[Saved entries]
(* Let $0\le\alpha<\pi/2$ and let $H\in\mathbb{M}_n(\mathbb{M}_k)$ satisfy $W(H)\subseteq S_\alpha$. Then \[ \left(\frac{\mathrm{tr}\,|\mathrm{det}_1 H|}{k}\right)^k\ge (\cos\alpha)^{nk}|\det H| \quad\text{and}\quad \left(\frac{\mathrm{tr}\,|\mathrm{det}_2 H|}{n}\right)^n\ge (\cos\alpha)^{nk}|\det H|. \]
   Context: $\mathbb{M}_n(\mathbb{M}_k)$ denotes the set of $nk\times nk$ complex matrices partitioned as $H=[H_{i,j}]_{i,j=1}^n$ with each block $H_{i,j}=[h^{i,j}_{l,m}]_{l,m=1}^k$ a $k\times k$ complex matrix. For $1\le l,m\le k$ let $G_{l,m}=[h^{i,j}_{l,m}]_{i,j=1}^n\in\mathbb{M}_n$. The partial determinants are $\mathrm{det}_1 H=[\det G_{l,m}]_{l,m=1}^k\in\mathbb{M}_k$ and $\mathrm{det}_2 H=[\det H_{i,j}]_{i,j=1}^n\in\mathbb{M}_n$. Here, for a matrix $A$, $|A|$ denotes the matrix whose entries are the absolute values of the entries of $A$ (so $\mathrm{tr}|\mathrm{det}_2H|=\sum_i|\det H_{i,i}|$). The numerical range of $A\in\mathbb{M}_p$ is $W(A)=\{x^*Ax: x\in\mathbb{C}^p, x^*x=1\}$, and for $\alpha\in[0,\pi/2)$, $S_\alpha=\{z\in\mathbb{C}: \Re z>0,\ |\Im z|\le (\Re z)\tan\alpha\}$. *)

From HB Require Import structures.
From mathcomp Require Import all_boot all_order all_algebra.
Set Implicit Arguments. Unset Strict Implicit. Unset Printing Implicit Defensive.
Import Order.TTheory GRing.Theory Num.Theory.
Local Open Scope ring_scope.

Section Defs.
Variable C : numClosedFieldType.
Lemma sum_subset_exprn_nonempty (R : comNzRingType) (T : finType) (K : {set T})
    (a x : R) :
  \sum_(Z : {set T} | Z \subset K) a ^+ #|Z| * x ^+ (Z != finset.set0) =
  1 + ((1 + a) ^+ #|K| - 1) * x.
Proof.
rewrite -sum_subset_exprn (bigD1 finset.set0) ?finset.sub0set //=.
rewrite [in RHS](bigD1 finset.set0) ?finset.sub0set //= cards0 eqxx mul1r.
rewrite expr0 [1 + _ - 1]addrC addKr mulr_suml; congr (_ + _).
by apply: eq_bigr => Z /andP[_ ->].
Qed.

Definition profile_weight (R : pzSemiRingType) (T I : finType) (a x : R)
    (F : {ffun T -> {set I}}) : R :=
  \prod_t (a ^+ #|F t| * x ^+ (F t != finset.set0)).

Lemma profile_weight_ge0 (R : numDomainType) (T I : finType) (a x : R)
    (F : {ffun T -> {set I}}) :
  0 <= a -> 0 <= x -> 0 <= profile_weight a x F.
Proof.
by move=> a0 x0; apply: prodr_ge0 => t _; rewrite mulr_ge0 ?exprn_ge0.
Qed.

Lemma sum_profile_weight_family (R : comNzRingType) (T I : finType)
    (K : T -> {set I}) (a x : R) :
  \sum_(F in family (fun t (Z : {set I}) => Z \subset K t))
     profile_weight a x F =
  \prod_t (1 + ((1 + a) ^+ #|K t| - 1) * x).
Proof.
under [RHS]eq_bigr do rewrite -sum_subset_exprn_nonempty.
by rewrite bigA_distr_big_dep.
Qed.

Section CanonicalEdges.
Variable d : nat.
Implicit Types (u v : vtx d) (U B : {set vtx d}).

Lemma hadj_parity u v : hadj u v -> is_even u != is_even v.
Proof.
rewrite /hadj /hdist => /cards1P[j uvj].
have uvE i : (u i != v i) = (i == j).
  by rewrite -[RHS]finset.in_set1 -uvj inE.
have same : [set i | u i] :\ j = [set i | v i] :\ j.
  apply/setP => i; rewrite !inE; have [//|/negbTE] := eqVneq i j.
  by rewrite -uvE => /negbFE/eqP->.
rewrite /is_even (cardsD1 j [set i | u i]) (cardsD1 j [set i | v i]) same !inE.
move: (uvE j); rewrite eqxx.
by case: (u j); case: (v j) => //= _; case: (odd _).
Qed.
(* Since O(X) is a quotient of F, the frame map of Sigma^X x i_X is onto, so
   ev(sigma) lifts along it to O(Sigma^X x Sigma^G); the exponential transpose
   of the resulting map Sigma^X x Sigma^G -> Sigma is s.  The evaluation
   identity follows by uniqueness of product maps, and q o s = id by
   uniqueness of transposes.
   The product Sigma^X x Sigma^G is not among the data, so the coproduct of
   frames is built explicitly as the frame of C-ideals. *)

Lemma meet_comm (A : frame) a b : meet A a b = meet A b a.
Proof. apply le_antisym; apply meet_glb; first [apply meet_l | apply meet_r]. Qed.

Lemma meet_mono (A : frame) a b c d :
  le A a c -> le A b d -> le A (meet A a b) (meet A c d).
Proof.
  intros Hac Hbd. apply meet_glb.
  - eapply le_trans; [apply meet_l | exact Hac].
  - eapply le_trans; [apply meet_r | exact Hbd].
Qed.

Lemma meet_eq_l (A : frame) a b : le A a b -> meet A a b = a.
Proof. intros; apply le_antisym; [apply meet_l | apply meet_glb; auto using le_refl]. Qed.

Lemma meet_idem (A : frame) a : meet A a a = a.
Proof. apply meet_eq_l, le_refl. Qed.

Lemma meet_top (A : frame) a : meet A a (top A) = a.
Proof. apply meet_eq_l, top_max. Qed.

Lemma meet_join_distr_r (A : frame) I f b :
  meet A (join A I f) b = join A I (fun i => meet A (f i) b).
Proof.
  rewrite meet_comm, meet_join_distr. f_equal. extensionality i. apply meet_comm.
Qed.

Lemma meet_join_join_le (A : frame) I J f g c :
  (forall i j, le A (meet A (f i) (g j)) c) -> le A (meet A (join A I f) (join A J g)) c.
Proof.
  intros H. rewrite meet_join_distr_r. apply join_least. intro i.
  rewrite meet_join_distr. apply join_least. auto.
Qed.

Definition bot (A : frame) : A := join A Empty_set (fun e => match e with end).

Lemma bot_le (A : frame) x : le A (bot A) x.
Proof. apply join_least. intros []. Qed.

Lemma hom_mono {A B : frame} (h : frame_hom A B) a b : le A a b -> le B (h a) (h b).
Proof. intros H. rewrite <- (meet_eq_l _ _ _ H), hom_meet. apply meet_r. Qed.

Lemma hom_bot {A B : frame} (h : frame_hom A B) : h (bot A) = bot B.
Proof. unfold bot. rewrite hom_join. f_equal. extensionality e. destruct e. Qed.

Lemma hom_le_bot {A B : frame} (h : frame_hom A B) a c : le A a (bot A) -> le B (h a) c.
Proof.
  intros H. eapply le_trans; [apply (hom_mono h _ _ H) |]. rewrite hom_bot. apply bot_le.
Qed.

Definition comp_hom {A B C : frame} (f : frame_hom A B) (g : frame_hom B C) :
  frame_hom A C.
Proof.
  refine (@FrameHom A C (fun x => g (f x)) _ _ _); intros;
    rewrite ?hom_top, ?hom_meet, ?hom_join; reflexivity.
Defined.

Definition join_boxes {A B P : frame} (pA : A -> P) (pB : B -> P)
  (D : A -> B -> Prop) : P :=
  join P {p : A * B | D (fst p) (snd p)}
    (fun p => meet P (pA (fst (proj1_sig p))) (pB (snd (proj1_sig p)))).

Lemma hom_join_boxes {A B P P' : frame} (h : frame_hom P P')
  (pA : frame_hom A P) (pB : frame_hom B P) (pA' : A -> P') (pB' : B -> P') D :
  (forall a, h (pA a) = pA' a) -> (forall b, h (pB b) = pB' b) ->
  h (join_boxes pA pB D) = join_boxes pA' pB' D.
Proof.
  intros HA HB. unfold join_boxes. rewrite hom_join. f_equal.
  extensionality p. rewrite hom_meet, HA, HB. reflexivity.
Qed.

Section Coproduct.

Variables A B : frame.

(** A C-ideal is a down-closed set of pairs closed under joins in each
    coordinate separately; these form the coproduct frame. *)
Definition is_cideal (D : A -> B -> Prop) : Prop :=
  (forall a b a' b', D a b -> le A a' a -> le B b' b -> D a' b') /\
  (forall (I : Type) (f : I -> A) b, (forall i, D (f i) b) -> D (join A I f) b) /\
  (forall (I : Type) (f : I -> B) a, (forall i, D a (f i)) -> D a (join B I f)).

Definition cideal := {D : A -> B -> Prop | is_cideal D}.

Definition cideal_closure (U : A -> B -> Prop) (a : A) (b : B) : Prop :=
  forall D, is_cideal D -> (forall x y, U x y -> D x y) -> D a b.

Lemma cideal_closure_is_cideal U : is_cideal (cideal_closure U).
Proof.
  split; [|split].
  - intros a b a' b' H Ha Hb D HD HU.
    pose proof (H D HD HU). destruct HD as [Hdown _]. eauto.
  - intros I f b H D HD HU.
    assert (Hf : forall i, D (f i) b) by (intro i; exact (H i D HD HU)).
    destruct HD as [_ [Hjoin _]]. auto.
  - intros I f a H D HD HU.
    assert (Hf : forall i, D a (f i)) by (intro i; exact (H i D HD HU)).
    destruct HD as [_ [_ Hjoin]]. auto.
Qed.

#### Assignment
Could you write out, exactly as they stand, only the lines above that begin at the line with "apply/setP => i;" and stop after the line with "move: (uvE j); rewrite eqxx."?

#### Answer below
  apply/setP => i; rewrite !inE; have [//|/negbTE] := eqVneq i j.
  by rewrite -uvE => /negbFE/eqP->.
rewrite /is_even (cardsD1 j [set i | u i]) (cardsD1 j [set i | v i]) same !inE.
move: (uvE j); rewrite eqxx.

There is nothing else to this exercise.